This collaborative project between Tufts University and the Massachusetts Institute of Technology is researching and developing a new version of the Scratch programming language to be called ScratchJr, designed specifically for early childhood education (K-2). The current version of Scratch, which is widely implemented, is intended for ages 8-16 and is not developmentally appropriate for young children. This work will provide research-based evidence regarding young children's abilities to use an object-oriented programming language and to study the impact this has on the children's learning of scientific concepts and procedures.

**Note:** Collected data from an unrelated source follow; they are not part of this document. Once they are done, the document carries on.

(* For every $M\in\mathrm{Mat}_3(\mathbb C)$, the matrix $$L(M)=\sum_{i=1}^d I_3^{\otimes (i-1)}\otimes M\otimes I_3^{\otimes(d-i)}$$ lies in $\mathcal T$ (under the identification $\mathrm{Mat}_X(\mathbb C)=\mathrm{Mat}_3(\mathbb C)^{\otimes d}$ below).
   Context: Let $d\ge1$, $\mathbb F_3=\{0,1,2\}$ and $X=\mathbb F_3^d$. The Hamming digraph $H^*(d,3)$ has vertex set $X$, with an arc from $y$ to $z$ iff $y$ and $z$ differ in exactly one coordinate $i$ and $z_i=y_i+1$ in $\mathbb F_3$. Let $V=\mathbb C^X$ with basis $\{\hat y\}$. The adjacency matrix $A\in\mathrm{Mat}_X(\mathbb C)$ has $(y,z)$-entry $1$ iff there is an arc from $y$ to $z$. For integers $s,t$, $E^*_{[s,t]}$ is the diagonal matrix whose $(y,y)$-entry is $1$ if $y$ has exactly $s$ ones and $t$ twos, and $0$ otherwise. The Terwilliger algebra $\mathcal T$ is the subalgebra of $\mathrm{Mat}_X(\mathbb C)$ generated by $A$, $A^\top$ and all $E^*_{[s,t]}$. With $e_0,e_1,e_2$ the standard basis of $\mathbb C^3$, identify $V$ with $(\mathbb C^3)^{\otimes d}$ via $\hat y\mapsto e_{y_1}\otimes\cdots\otimes e_{y_d}$, and hence $\mathrm{Mat}_X(\mathbb C)$ with $\mathrm{Mat}_3(\mathbb C)^{\otimes d}$. *)

From HB Require Import structures.
From mathcomp Require Import all_boot all_order all_algebra.
From mathcomp Require Import complex.
From mathcomp Require Import Rstruct.
Import GRing.Theory Num.Theory.
Local Open Scope ring_scope.


(* X = F_3^d, vertices are functions 'I_d -> 'I_3 (coordinates 1..d are 0..d-1). *)
Definition X (d : nat) : finType := {ffun 'I_d -> 'I_3}.

Definition matX (d : nat) : Type := X d -> X d -> Rdefinitions.R[i].

Definition mx_add d (A B : matX d) : matX d := fun y z => A y z + B y z.
Definition mx_scale d (c : Rdefinitions.R[i]) (A : matX d) : matX d :=
  fun y z => c * A y z.
Definition mx_mul d (A B : matX d) : matX d :=
  fun y z => \sum_(w : X d) A y w * B w z.
Definition mx_id d : matX d := fun y z => (y == z)%:R.
Definition mx_tr d (A : matX d) : matX d := fun y z => A z y.

Arguments mx_add {d}. Arguments mx_scale {d}. Arguments mx_mul {d}.
Arguments mx_tr {d}.

Definition arc d (y z : X d) : bool :=
  [exists i : 'I_d,
     [&& (nat_of_ord (z i) == (((y i).+1) %% 3)%N)
       & [forall j : 'I_d, (j != i) ==> (y j == z j)]]].

Arguments arc {d}.
Definition adjA d : matX d := fun y z => (arc y z)%:R.

(* E*_{[s,t]} : diagonal, (y,y)-entry 1 iff y has exactly s ones and t twos.
   (For negative s or t this is the zero matrix, which is in any subalgebra,
   so taking s t : nat loses nothing.) *)
Definition nones d (y : X d) : nat := #|[set i : 'I_d | nat_of_ord (y i) == 1%N]|.
Definition ntwos d (y : X d) : nat := #|[set i : 'I_d | nat_of_ord (y i) == 2%N]|.
Arguments nones {d}. Arguments ntwos {d}.
Definition Estar d (s t : nat) : matX d :=
  fun y z => ((y == z) && (nones y == s) && (ntwos y == t))%:R.

Inductive inT (d : nat) : matX d -> Prop :=
  | inT_A : inT d (adjA d)
  | inT_At : inT d (mx_tr (adjA d))
  | inT_E : forall s t, inT d (Estar d s t)
  | inT_1 : inT d (mx_id d)
  | inT_add : forall A B, inT d A -> inT d B -> inT d (mx_add A B)
  | inT_scale : forall c A, inT d A -> inT d (mx_scale c A)
  | inT_mul : forall A B, inT d A -> inT d B -> inT d (mx_mul A B).

(* L(M) = sum_i I^{(i-1)} (x) M (x) I^{(d-i)}, written entrywise under
   hat y |-> e_{y_1} (x) ... (x) e_{y_d}:
   (y,z)-entry = sum_i M_{y_i z_i} * prod_{j <> i} [y_j = z_j]. *)
Definition Lmx d (M : 'M[Rdefinitions.R[i]]_3) : matX d :=
  fun y z => \sum_(i : 'I_d)
     M (y i) (z i) * ([forall j : 'I_d, (j != i) ==> (y j == z j)])%:R.

From mathcomp Require Import all_boot all_algebra complex Rstruct ring.
From Stdlib Require Import FunctionalExtensionality.
Import GRing.Theory Num.Theory.
Local Open Scope ring_scope.

(* The matrices M with L(M) in T form a subspace closed under transposition
   (the generators of T are symmetric or swapped by transposition), so it
   suffices to reach every matrix unit E_ac.  L sends the cyclic shift
   P : e_b |-> e_(b+1) to A, and the diagonal unit E_aa to the diagonal matrix
   counting the coordinates equal to a, a combination of the E*_[s,t] (and of
   the identity, for a = 0).  For diagonal D, [L(D), L(N)] = L([D, N]); for an
   idempotent E, E N (1 - E) = (ad_E N + ad_E^2 N) / 2, which with E = E_aa and
   N = P isolates E_(a,a+1).  Every E_ac with a <> c is E_(a,a+1) or the
   transpose of E_(c,c+1). *)

Local Notation C := Rdefinitions.R[i].
Local Notation agree_off i y z := [forall j, (j != i) ==> (y j == z j)].

Arguments inT_add {d A B}.
Arguments inT_mul {d A B}.
Arguments inT_scale {d} c {A}.

Lemma ad_add_ad2_idem {R : pzRingType} (e x : R) : e * e = e ->
  (e * x - x * e) + (e * (e * x - x * e) - (e * x - x * e) * e)
  = e * x * (1 - e) *+ 2.
Proof.
move=> ee; rewrite mulrBr mulrBl !mulrA ee -[x * e * e]mulrA ee mulrBr mulr1.
by rewrite mulr2n opprB addrCA [_ - x * e + _]addrA subrK.
Qed.

Lemma sum_ord_dirac {R : nmodType} (F : nat -> R) n m : (m < n)%N ->
  \sum_(s < n) F s *+ (m == s) = F m.
Proof.
move=> ltmn; under eq_bigr do rewrite mulrb eq_sym.
by rewrite -big_mkcond big_ord1_eq ltmn.
Qed.

Lemma sum_sub_agree_off {R : zmodType} {T : finType} {n} (f : T -> R) {i}
    {y z : {ffun 'I_n -> T}} :
  agree_off i y z -> \sum_j f (y j) - \sum_j f (z j) = f (y i) - f (z i).
Proof.
move=> /forallP yz; rewrite (bigD1 i) // [X in _ - X](bigD1 i) //=.
rewrite [X in _ - (_ + X)](eq_bigr (fun j => f (y j))) => [|j ji].
  by rewrite opprD addrACA subrr addr0.
by move/implyP: (yz j) => /(_ ji)/eqP->.
Qed.

Lemma diag_delta_mx (R : pzSemiRingType) n (a : 'I_n) :
  diag_mx (delta_mx 0 a) = delta_mx a a :> 'M[R]_n.
Proof.
apply/matrixP => b c; rewrite !mxE eqxx /=.
case: (eqVneq b c) => [<-|bc]; first by rewrite andbb.
by case: eqP => // ba; rewrite -ba eq_sym (negPf bc).
Qed.

Definition shift_mx {R : pzSemiRingType} {n} : 'M[R]_n := \matrix_(b, c) (c == ordS b)%:R.

Lemma delta_mul_shift_mx (R : pzSemiRingType) n (a : 'I_n) :
  delta_mx a a *m shift_mx = delta_mx a (ordS a) :> 'M[R]_n.
Proof.
have row_shift : delta_mx 0 a *m shift_mx = delta_mx 0 (ordS a) :> 'rV[R]_n.
  by rewrite -rowE; apply/rowP => c; rewrite !mxE eqxx.
by rewrite -(mul_delta_mx (0 : 'I_1) a a) -mulmxA row_shift mul_delta_mx.
Qed.

Lemma sum_indicator_unique (R : pzSemiRingType) (I : finType) (P : pred I) :
  (forall i j, P i -> P j -> i = j) -> \sum_i (P i)%:R = [exists i, P i]%:R :> R.
Proof.
move=> uniqP; case: (boolP [exists i, P i]) => [/existsP[i Pi]|/existsPn noP].
  rewrite (bigD1 i) //= Pi big1 ?addr0 // => j ji; case: (boolP (P j)) => // Pj.
  by rewrite (uniqP _ _ Pi Pj) eqxx in ji.
by rewrite big1 // => i _; rewrite (negPf (noP i)).
Qed.

Section Terwilliger.

Variable d : nat.
Implicit Types (A B : matX d) (y z : X d) (M N : 'M[C]_3).

Lemma eq_inT {A B} : inT d A -> A =2 B -> inT d B.
Proof.
move=> TA eqAB; suff -> : B = A by [].
by do 2!apply: functional_extensionality => ?; rewrite eqAB.
Qed.

Lemma inT0 : inT d (fun _ _ => 0).
Proof. by apply: (eq_inT (inT_scale 0 (inT_1 d))) => y z; rewrite /mx_scale mul0r. Qed.

Lemma inT_sum (I : Type) (r : seq I) (F : I -> matX d) :
  (forall i, inT d (F i)) -> inT d (fun y z => \sum_(i <- r) F i y z).
Proof.
move=> TF; elim: r => [|i r IHr].
  by apply: (eq_inT inT0) => y z; rewrite big_nil.
by apply: (eq_inT (inT_add (TF i) IHr)) => y z; rewrite big_cons.
Qed.

Lemma inT_tr A : inT d A -> inT d (mx_tr A).
Proof.
elim=> {A} [| |s t| |A B _ TA _ TB|c A _ TA|A B _ TA _ TB].
- exact: inT_At.
- exact: inT_A.
- apply: (eq_inT (inT_E d s t)) => y z; rewrite /mx_tr /Estar.
  by case: eqVneq => [->|]; rewrite ?andbF // eq_sym => /negPf->.
- by apply: (eq_inT (inT_1 d)) => y z; rewrite /mx_tr /mx_id eq_sym.
- exact: inT_add TA TB.
- exact: (inT_scale c TA).
- apply: (eq_inT (inT_mul TB TA)) => y z; rewrite /mx_tr /mx_mul.
  by apply: eq_bigr => w _; rewrite mulrC.
Qed.

Lemma inT_diag_count (G : nat -> nat -> C) :
  inT d (fun y z => (y == z)%:R * G (nones y) (ntwos y)).
Proof.
have TE s t : inT d (mx_scale (G s t) (Estar d s t)) by apply/inT_scale/inT_E.
apply: (eq_inT (inT_sum _ (index_enum 'I_d.+1) _
  (fun s : 'I_d.+1 => inT_sum _ (index_enum 'I_d.+1) _ (TE s)))).
have count_lt P : (#|[set i : 'I_d | P i]| < d.+1)%N.
  by rewrite ltnS -[X in (_ <= X)%N]card_ord max_card.
move=> y z; rewrite /mx_scale /Estar.
under eq_bigr do under eq_bigr do rewrite mulr_natr -!mulnb !mulrnA.
rewrite (eq_bigr (fun s : 'I_d.+1 => G s (ntwos y) *+ (y == z) *+ (nones y == s))).
  rewrite (sum_ord_dirac (fun s => G s (ntwos y) *+ (y == z))); last exact: count_lt.
  by case: (y == z); rewrite ?mul1r ?mul0r.
move=> s _; rewrite (sum_ord_dirac (fun t => G s t *+ (y == z) *+ (nones y == s))).
  by rewrite mulrnAC.
exact: count_lt.
Qed.

Lemma eq_ffun_agree_off y z i : ((y i == z i) && agree_off i y z) = (y == z).
Proof.
apply/andP/eqP => [[/eqP yzi /forallP yz]|->].
  by apply/ffunP => j; case: (eqVneq j i) => [->//|ji]; apply/eqP/(implyP (yz j)).
by split; last by apply/forallP => j; apply/implyP.
Qed.

Lemma LmxD M N : Lmx d (M + N) =2 mx_add (Lmx d M) (Lmx d N).
Proof.
by move=> y z; rewrite /Lmx /mx_add -big_split; apply: eq_bigr => i _; rewrite mxE mulrDl.
Qed.

Lemma LmxZ c M : Lmx d (c *: M) =2 mx_scale c (Lmx d M).
Proof.
by move=> y z; rewrite /Lmx /mx_scale mulr_sumr; apply: eq_bigr => i _; rewrite mxE mulrA.
Qed.

Lemma Lmx0 : Lmx d 0 =2 fun _ _ => 0.
Proof. by move=> y z; rewrite /Lmx big1 // => i _; rewrite mxE mul0r. Qed.

Lemma Lmx_tr M : Lmx d M^T =2 mx_tr (Lmx d M).
Proof.
move=> y z; rewrite /Lmx /mx_tr; apply: eq_bigr => i _; rewrite mxE.
suff -> : agree_off i z y = agree_off i y z by [].
by apply: eq_forallb => j; rewrite [z j == _]eq_sym.
Qed.

Lemma Lmx_diag (δ : 'rV[C]_3) :
  Lmx d (diag_mx δ) =2 fun y z => (y == z)%:R * \sum_i δ 0 (y i).
Proof.
move=> y z; rewrite /Lmx mulr_sumr; apply: eq_bigr => i _.
rewrite mxE -[_ *+ (y i == z i)]mulr_natr -mulrA -natrM mulnb.
by rewrite eq_ffun_agree_off mulrC.
Qed.

Lemma mx_mul_diagl {D : matX d} {f : X d -> C} :
  (forall y z, D y z = (y == z)%:R * f y) -> forall A y z, mx_mul D A y z = f y * A y z.
Proof.
move=> Df A y z; rewrite /mx_mul (bigD1 y) //= big1 => [|w wy].
  by rewrite Df eqxx mul1r addr0.
by rewrite Df eq_sym (negPf wy) !mul0r.
Qed.

Lemma mx_mul_diagr {D : matX d} {f : X d -> C} :
  (forall y z, D y z = (y == z)%:R * f y) -> forall A y z, mx_mul A D y z = A y z * f z.
Proof.
move=> Df A y z; rewrite /mx_mul (bigD1 z) //= big1 => [|w wz].
  by rewrite Df eqxx mul1r addr0.
by rewrite Df (negPf wz) mul0r mulr0.
Qed.

Lemma Lmx_comm_diag (δ : 'rV[C]_3) N :
  Lmx d (diag_mx δ *m N - N *m diag_mx δ)
  =2 fun y z => (\sum_i δ 0 (y i) - \sum_i δ 0 (z i)) * Lmx d N y z.
Proof.
move=> y z; rewrite /Lmx mulr_sumr; apply: eq_bigr => i _.
rewrite mul_diag_mx mul_mx_diag !mxE.
case: (boolP (agree_off i y z)) => [yz|]; last by rewrite !mulr0.
by rewrite (sum_sub_agree_off _ yz); ring.
Qed.

Lemma inT_Lmx_comm_diag {δ : 'rV[C]_3} {N} :
  inT d (Lmx d (diag_mx δ)) -> inT d (Lmx d N) ->
  inT d (Lmx d (diag_mx δ *m N - N *m diag_mx δ)).
Proof.
move=> TD TN.
apply: (eq_inT (inT_add (inT_mul TD TN) (inT_scale (-1) (inT_mul TN TD)))) => y z.
rewrite Lmx_comm_diag /mx_add /mx_scale (mx_mul_diagl (Lmx_diag δ)).
by rewrite (mx_mul_diagr (Lmx_diag δ)); ring.
Qed.

Lemma inT_LmxD {M N} : inT d (Lmx d M) -> inT d (Lmx d N) -> inT d (Lmx d (M + N)).
Proof. by move=> TM TN; apply: (eq_inT (inT_add TM TN)) => y z; rewrite LmxD. Qed.

Lemma inT_LmxZ c {M} : inT d (Lmx d M) -> inT d (Lmx d (c *: M)).
Proof. by move=> TM; apply: (eq_inT (inT_scale c TM)) => y z; rewrite LmxZ. Qed.

Lemma inT_LmxB {M N} : inT d (Lmx d M) -> inT d (Lmx d N) -> inT d (Lmx d (M - N)).
Proof. by move=> TM TN; rewrite -scaleN1r; apply/inT_LmxD/inT_LmxZ. Qed.

Lemma inT_Lmx_tr {M} : inT d (Lmx d M) -> inT d (Lmx d M^T).
Proof. by move=> /inT_tr TM; apply: (eq_inT TM) => y z; rewrite Lmx_tr. Qed.

Lemma inT_Lmx_sum (I : finType) (F : I -> 'M[C]_3) :
  (forall i, inT d (Lmx d (F i))) -> inT d (Lmx d (\sum_i F i)).
Proof.
move=> TF; apply: (big_ind (fun N => inT d (Lmx d N))) => [|M N|i _].
- by apply: (eq_inT inT0) => y z; rewrite Lmx0.
- exact: inT_LmxD.
- exact: TF.
Qed.

Lemma inT_Lmx_corner {δ : 'rV[C]_3} {N} :
  diag_mx δ *m diag_mx δ = diag_mx δ ->
  inT d (Lmx d (diag_mx δ)) -> inT d (Lmx d N) ->
  inT d (Lmx d (diag_mx δ *m N *m (1%:M - diag_mx δ))).
Proof.
move=> idemE TE TN; have TadN := inT_Lmx_comm_diag TE TN.
have := inT_LmxZ 2^-1 (inT_LmxD TadN (inT_Lmx_comm_diag TE TadN)).
have := ad_add_ad2_idem (diag_mx δ) N idemE; rewrite -!mulmxE => ->.
by rewrite -(scaler_nat 2 (_ *m _ *m _)) scalerA mulVf ?scale1r // pnatr_eq0.
Qed.

Lemma Lmx_delta_diag a :
  Lmx d (delta_mx a a) =2 fun y z => (y == z)%:R * #|[set i | y i == a]|%:R.
Proof.
move=> y z; rewrite -diag_delta_mx Lmx_diag -sum1_card natr_sum; congr (_ * _).
by rewrite [RHS]big_mkcond; apply: eq_bigr => i _; rewrite !mxE inE; case: (y i == a).
Qed.

Lemma inT_Lmx1 : inT d (Lmx d 1%:M).
Proof.
apply: (eq_inT (inT_scale d%:R (inT_1 d))) => y z.
rewrite -diag_const_mx Lmx_diag /mx_scale /mx_id mulrC.
by under eq_bigr do rewrite mxE; rewrite sumr_const card_ord.
Qed.

Lemma inT_Lmx_delta_diag a : inT d (Lmx d (delta_mx a a)).
Proof.
have count_val (b : 'I_3) y :
    #|[set i | y i == b]| = #|[set i | nat_of_ord (y i) == b]|.
  by apply: eq_card => i; rewrite !inE -val_eqE.
have T12 (b : 'I_3) : (0 < b)%N -> inT d (Lmx d (delta_mx b b)).
  case: b => [[|[|[|//]]] ltb3] // _.
  - apply: (eq_inT (inT_diag_count (fun s _ => s%:R))) => y z.
    by rewrite Lmx_delta_diag count_val.
  - apply: (eq_inT (inT_diag_count (fun _ t => t%:R))) => y z.
    by rewrite Lmx_delta_diag count_val.
case: (posnP a) => [a0|]; last exact: T12.
have -> : delta_mx a a
    = 1%:M - delta_mx (inord 1) (inord 1) - delta_mx (inord 2) (inord 2) :> 'M[C]_3.
  apply/matrixP => b c; rewrite !mxE -!val_eqE /= a0 !inordK //.
  by case: b c => [[|[|[|//]]] ?] [[|[|[|//]]] ?]; rewrite /= ?subr0 ?subrr.
by apply: inT_LmxB (T12 _ _); [apply: inT_LmxB inT_Lmx1 (T12 _ _)|]; rewrite inordK.
Qed.

Lemma Lmx_shift_mx : Lmx d shift_mx =2 adjA d.
Proof.
move=> y z; rewrite /Lmx /adjA /arc.
under eq_bigr do rewrite mxE -natrM mulnb.
apply: sum_indicator_unique => i j /andP[/eqP zi _] /andP[_ /forallP yz].
apply: contraTeq (yz i) => ij; rewrite ij /= zi.
by case: (y i) => [[|[|[|//]]] ?].
Qed.

Lemma inT_Lmx_delta_succ a : inT d (Lmx d (delta_mx a (ordS a))).
Proof.
have Sa_neq_a : ordS a != a by case: a => [[|[|[|//]]] ?].
have idem : diag_mx (delta_mx 0 a) *m diag_mx (delta_mx 0 a)
    = diag_mx (delta_mx 0 a) :> 'M[C]_3.
  by rewrite diag_delta_mx mul_delta_mx.
have TA : inT d (Lmx d shift_mx).
  by apply: (eq_inT (inT_A d)) => y z; rewrite Lmx_shift_mx.
have TE := inT_Lmx_delta_diag a; rewrite -diag_delta_mx in TE.
have := inT_Lmx_corner idem TE TA.
by rewrite diag_delta_mx delta_mul_shift_mx mulmxBr mulmx1 mul_delta_mx_0 ?subr0.
Qed.

Lemma inT_Lmx_delta a c : inT d (Lmx d (delta_mx a c)).
Proof.
case: (eqVneq a c) => [<-|ac]; first exact: inT_Lmx_delta_diag.
have : (c == ordS a) || (a == ordS c) by move: a c ac; do 2!case=> [[|[|[|//]]] ?].
case/orP=> /eqP->; first exact: inT_Lmx_delta_succ.
by rewrite -trmx_delta; apply/inT_Lmx_tr/inT_Lmx_delta_succ.
Qed.

End Terwilliger.

Theorem lemma5p4 (d : nat) (hd : (1 <= d)%N) (M : 'M[Rdefinitions.R[i]]_3) :
  inT d (Lmx d M).
Proof.
rewrite (matrix_sum_delta M); do 2!apply: inT_Lmx_sum => ?.
exact/inT_LmxZ/inT_Lmx_delta.
Qed.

The team will develop ScratchJr in an iterative cycle, testing it in both in the Devtech lab at Tufts and the Eliot Pearson lab school and with a wider network of early childhood partners. At the end of the three-year project, ScratchJr will have been tested with approximately 350 students in K-2, 40 parents, and 58 early childhood educators.

ScratchJr will have three components: 1) a developmentally appropriate interface, with both touch screen and keyboard/mouse options; 2) an embedded library of curricular modules with STEM content to meet federal and state mandates in early childhood education; and 3) an on-line resource and community for early childhood educators and parents. The research questions focus on whether ScratchJr can help these young children learn foundational knowledge structures such as sequencing, causality, classification, composition, symbols, patterns, estimation, and prediction; specific content knowledge; and problem solving skills.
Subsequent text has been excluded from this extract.